C’était presque un cousin. Un monsieur Petit, oncle de Mlle
Petit, avait épousé la belle-sœur de Duquesne, déjà mère de ce
jeune homme. Le cousin se montra charmant pour la petite cousine ;
et dans toute la famille on commençait déjà à parler mariage,
quand l’oncle, qui venait de se fermer tous les chemins de la
fortune en se faisant un ennemi de Louvois, vint débarquer chez le
père ; et comme il avait un fils, et que Mlle
Petit était un parti fort sortable, il tenta de substituer ce fils à
son beau-fils. Mais Mlle
Petit, qui avait pris goût à M. Duquesne, fit la sourde oreille. M.
Petit était souffrant quand son frère arriva. La maladie empira. Il
fallut songer au testament. L’oncle renvoya Mlle
Petit chez Mme
Saporta, et, pendant son absence, il fit faire à son frère un
testament qui nommait Mlle
Petit héritière universelle, mais avec une substitution en sa
faveur dans le cas où Mlle
Petit viendrait à mourir sans enfants. De plus, il fit ajouter par
M. Petit à ce testament un codicille en faveur de sa fille aînée,
de la cousine de Mlle
Petit, indisposant le père contre la fille, et faisant habilement le
père jaloux de l’attachement de sa fille pour Mme
Saporta ; si bien qu’un jour le mourant dit à Mlle
Petit : Vous serez bien aise dans peu de temps d’être une
héritière. La mort arrivait ; l’habitude étant de déclarer
devant un commissaire dans quelle religion on voulait mourir, M.
Séguier, évêque de Nîmes, et M. Labeaume, vinrent recevoir la
déclaration de M. Petit. Il déclara persister dans la religion
réformée ; et retrouvant un instant son cœur de père, il
mourut en regrettant de ne pas avoir marié Mlle
Petit avec M. Duquesne, et recommanda qu’on eût soin d’achever
cette affaire.
M. Duquesne partit pour le bombardement de
Gênes. L’oncle, qui avait toujours en tête sa substitution, ne le
retint pas. Les promenades au bord du Gardon, le prêche, quelques
visites, la société de Mme
Saporta, de Mlles
Cassagne, les projets, le mariage à l’horizon, remplissaient la
vie de la demoiselle. M. Duquesne revint de Gênes, vieilli,
grisonnant, un peu maltraité de la guerre et de la maladie ;
Mlle
Petit continuait à le voir avec les yeux de son cœur. On écrivit à
M. Cotton, le vieil oncle de Paris, pour le sonder et savoir s’il
voudrait assurer quelque chose au jeune ménage. Mais notre oncle
avait entendu dire que M. Duquesne était un joueur, un débauché ;
il se montra froid, ne promit rien, et ajouta qu’étant protestant,
le futur ne pouvait arriver à rien, puisque dans le moment M. le
marquis de Miremont, petit-neveu du grand Turenne et neveu de deux
maréchaux de France, ne pouvait pas obtenir une compagnie de
chevaux. Duquesne changea de religion ; l’apostasie ne fit
rien sur l’oncle, qui avant tout défendait sa bourse, et fit mal
sur l’esprit de Mlle
Petit, qui s’était laissée prendre d’un beau sentiment
romanesque pour l’exaltation religieuse qui régnait à Nîmes.

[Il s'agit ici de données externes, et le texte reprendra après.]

(* Suppose $n\ge 2$ and $k\ge 4$, and let ${\bf a}_1,\ldots,{\bf a}_k$ be sequences of positive integers each with sum at most $n$. Then the multiple flag variety $M_{{\bf a}_1}\times\cdots\times M_{{\bf a}_k}$ has infinitely many orbits under the diagonal action of $G$.
   Context: $\mathbb F$ is an infinite field of characteristic $\ne 2$. Equip $\mathbb F^{2n}$ (canonical basis $e_1,\ldots,e_{2n}$) with the symmetric bilinear form $(e_i,e_j)=\delta_{i,2n+1-j}$, and let $G={\rm O}_{2n}(\mathbb F)$ be its isometry group in ${\rm GL}_{2n}(\mathbb F)$. A subspace $V$ is isotropic if $(V,V)=\{0\}$. For a sequence ${\bf a}=(\alpha_1,\ldots,\alpha_p)$ of positive integers with $\alpha_1+\cdots+\alpha_p\le n$, $M_{\bf a}$ is the set of flags $V_1\subset\cdots\subset V_p$ of subspaces of $\mathbb F^{2n}$ with $\dim V_j=\alpha_1+\cdots+\alpha_j$ and $V_p$ isotropic; $G$ acts on the product diagonally. *)

From HB Require Import structures.
From mathcomp Require Import all_boot all_order all_algebra.
Set Implicit Arguments. Unset Strict Implicit. Unset Printing Implicit Defensive.
Import GRing.Theory.
Local Open Scope ring_scope.

(* Vectors of F^{2n} are row vectors 'rV[F]_(n.*2); the basis vector e_(i+1)
   is the i-th unit row (0-indexed).  A subspace is represented by a matrix
   whose row space is that subspace; subspaces are compared with (_ == _)%MS. *)

(* Gram matrix of the form (e_i, e_j) = delta_{i, 2n+1-j}; 0-indexed: i+j = 2n-1 *)
Definition Jform (F : fieldType) (n : nat) : 'M[F]_(n.*2) :=
  \matrix_(i, j) (((i : nat) + j == n.*2.-1)%N)%:R.

Definition in_O2n (F : fieldType) (n : nat) (g : 'M[F]_(n.*2)) : Prop :=
  g \in unitmx /\ g *m Jform F n *m g^T = Jform F n.

Definition isotropic (F : fieldType) (n m : nat) (V : 'M[F]_(m, n.*2)) : Prop :=
  V *m Jform F n *m V^T = 0.

Definition is_flag (F : fieldType) (n : nat) (a : seq nat)
    (V : 'I_(size a) -> 'M[F]_(n.*2)) : Prop :=
  (forall j : 'I_(size a), \rank (V j) = (\sum_(l < size a | (l <= j)%N) nth 0%N a l)%N)
  /\ (forall j1 j2 : 'I_(size a), (j1 <= j2)%N -> (V j1 <= V j2)%MS)
  /\ (forall j : 'I_(size a), (j.+1 = size a)%N -> isotropic (V j)).

Definition multiflag_pt (F : fieldType) (n k : nat) (a : 'I_k -> seq nat) :=
  forall i : 'I_k, 'I_(size (a i)) -> 'M[F]_(n.*2).

Definition is_multiflag (F : fieldType) (n k : nat) (a : 'I_k -> seq nat)
    (x : multiflag_pt F n a) : Prop :=
  forall i : 'I_k, is_flag (x i).

Definition same_orbit (F : fieldType) (n k : nat) (a : 'I_k -> seq nat)
    (x y : multiflag_pt F n a) : Prop :=
  exists g : 'M[F]_(n.*2), in_O2n g /\
    forall (i : 'I_k) (j : 'I_(size (a i))), (x i j *m g == y i j)%MS.

Definition finitely_many_orbits (F : fieldType) (n k : nat) (a : 'I_k -> seq nat) : Prop :=
  exists (N : nat) (r : 'I_N -> multiflag_pt F n a),
    forall x : multiflag_pt F n a, is_multiflag x ->
      exists t : 'I_N, same_orbit x (r t).

Definition admissible (n : nat) (s : seq nat) : Prop :=
  (0 < size s)%N /\ all (fun x => 0 < x)%N s /\ (sumn s <= n)%N.

From HB Require Import structures.
From mathcomp Require Import all_boot all_order all_algebra.
From mathcomp Require Import perm ring zify.
Set Implicit Arguments. Unset Strict Implicit. Unset Printing Implicit Defensive.
Import GRing.Theory.
Local Open Scope ring_scope.

(* The coordinates e_1, e_n, e_(n+1), e_2n span a hyperbolic 4-space W, and
   each isometry h of W extends by the identity to an element embed4 h of G.
   On four of the k factors, move the standard flag (spanned by initial
   segments of e_1, ..., e_2n, isotropic because the parts sum to at most n)
   by embed4 h_i, where only h_1 depends on a parameter t.  The first subspace
   of the i-th flag meets W in the line spanned by row 0 of h_i or, when it
   has dimension n, in the isotropic plane spanned by rows 0 and 1.  An
   isometry g carrying the configuration for t to the one for s maps these
   rows into the corresponding subspaces for s, so their Gram matrices satisfy
   G_t(i, j) = U_i G_s(i, j) U_j^T for some matrices U_i.  If one of the four
   first subspaces has dimension < n, the (0, 0) entries of these identities
   force t = s.  Otherwise 2 x 2 determinants show that the squared
   cross-ratio of the four planes is invariant: t^2 (s - 1)^2 = s^2 (t - 1)^2,
   a relation that holds pairwise for no three distinct parameters.  Since F
   is infinite, the pigeonhole principle yields infinitely many orbits. *)

Lemma pigeonhole_fiber_gt2 (T : finType) N (f : T -> 'I_N) :
  (2 * N < #|T|)%N -> exists m, (2 < #|[set x | f x == m]|)%N.
Proof.
move=> hT; apply/existsP; apply: contraLR hT; rewrite negb_exists -leqNgt => /forallP small.
rewrite -sum1_card (partition_big f xpredT) //=.
rewrite mulnC -[X in (_ <= X * _)%N]card_ord -sum_nat_const; apply: leq_sum => m _.
by rewrite sum1dep_card leqNgt small.
Qed.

Sur ce, par un beau matin, au petit jour, un
régiment de dragons, le régiment de Barbezieux, entre dans la
ville, fait fermer les portes, investit les maisons des ministres
Peirol, Icard et de l’avocat Brousson, qui furent assez heureux
pour s’échapper. La milice est désarmée ; MM. Peirol,
Icard, Brousson sont pendus en effigie, les temples qui étaient
encore debout fermés, les habitants inquiétés, les propriétés
menacées. Mlle
Petit craint que son bien ne soit confisqué ; elle s’enfuit à
Montpellier, où elle se propose, pour le mettre à couvert, d’en
faire une donation simulée à un de ses parents catholiques ;
mais, au lieu d’une donation simulée, le parent avait fait dresser
un contrat de mariage qui ne fut pas du goût de Mlle Petit, qui
revint à Nîmes en grande inquiétude. La porte était gardée par
les dragons, qui avaient ordre de ne laisser entrer et sortir que des
catholiques. Elle fut assez heureuse pour forcer la consigne, et
trouva la vieille Saporta presque folle de peur. M. de Noailles
venait d’arriver avec un nouveau corps de troupes. Les demi-moyens
furent abandonnés. La persécution allait grand train. On en était
venu à l’argument de la corde. On ne pouvait plus vendre, plus
acheter, sans un certificat de catholicité, sans une carte qu’on
appelait ironiquement marque de la
bête. Chez les obstinés, les
provisions étaient jetées par les fenêtres. Les garnisaires se
montraient presque aussi ingénieux que des chauffeurs pour vous
convertir. Le plus joli de leurs tours était la conversion au
tambour. Douze tambours s’installaient chez un vieillard. Dès
qu’il s’endormait, un roulement. Au vingtième roulement environ,
il y avait mort ou abjuration. Mlle
Petit eut la bonne fortune d’être recommandée par M. de Lorges à
M. de Noailles. Elle ne fut pas d’abord sérieusement inquiétée.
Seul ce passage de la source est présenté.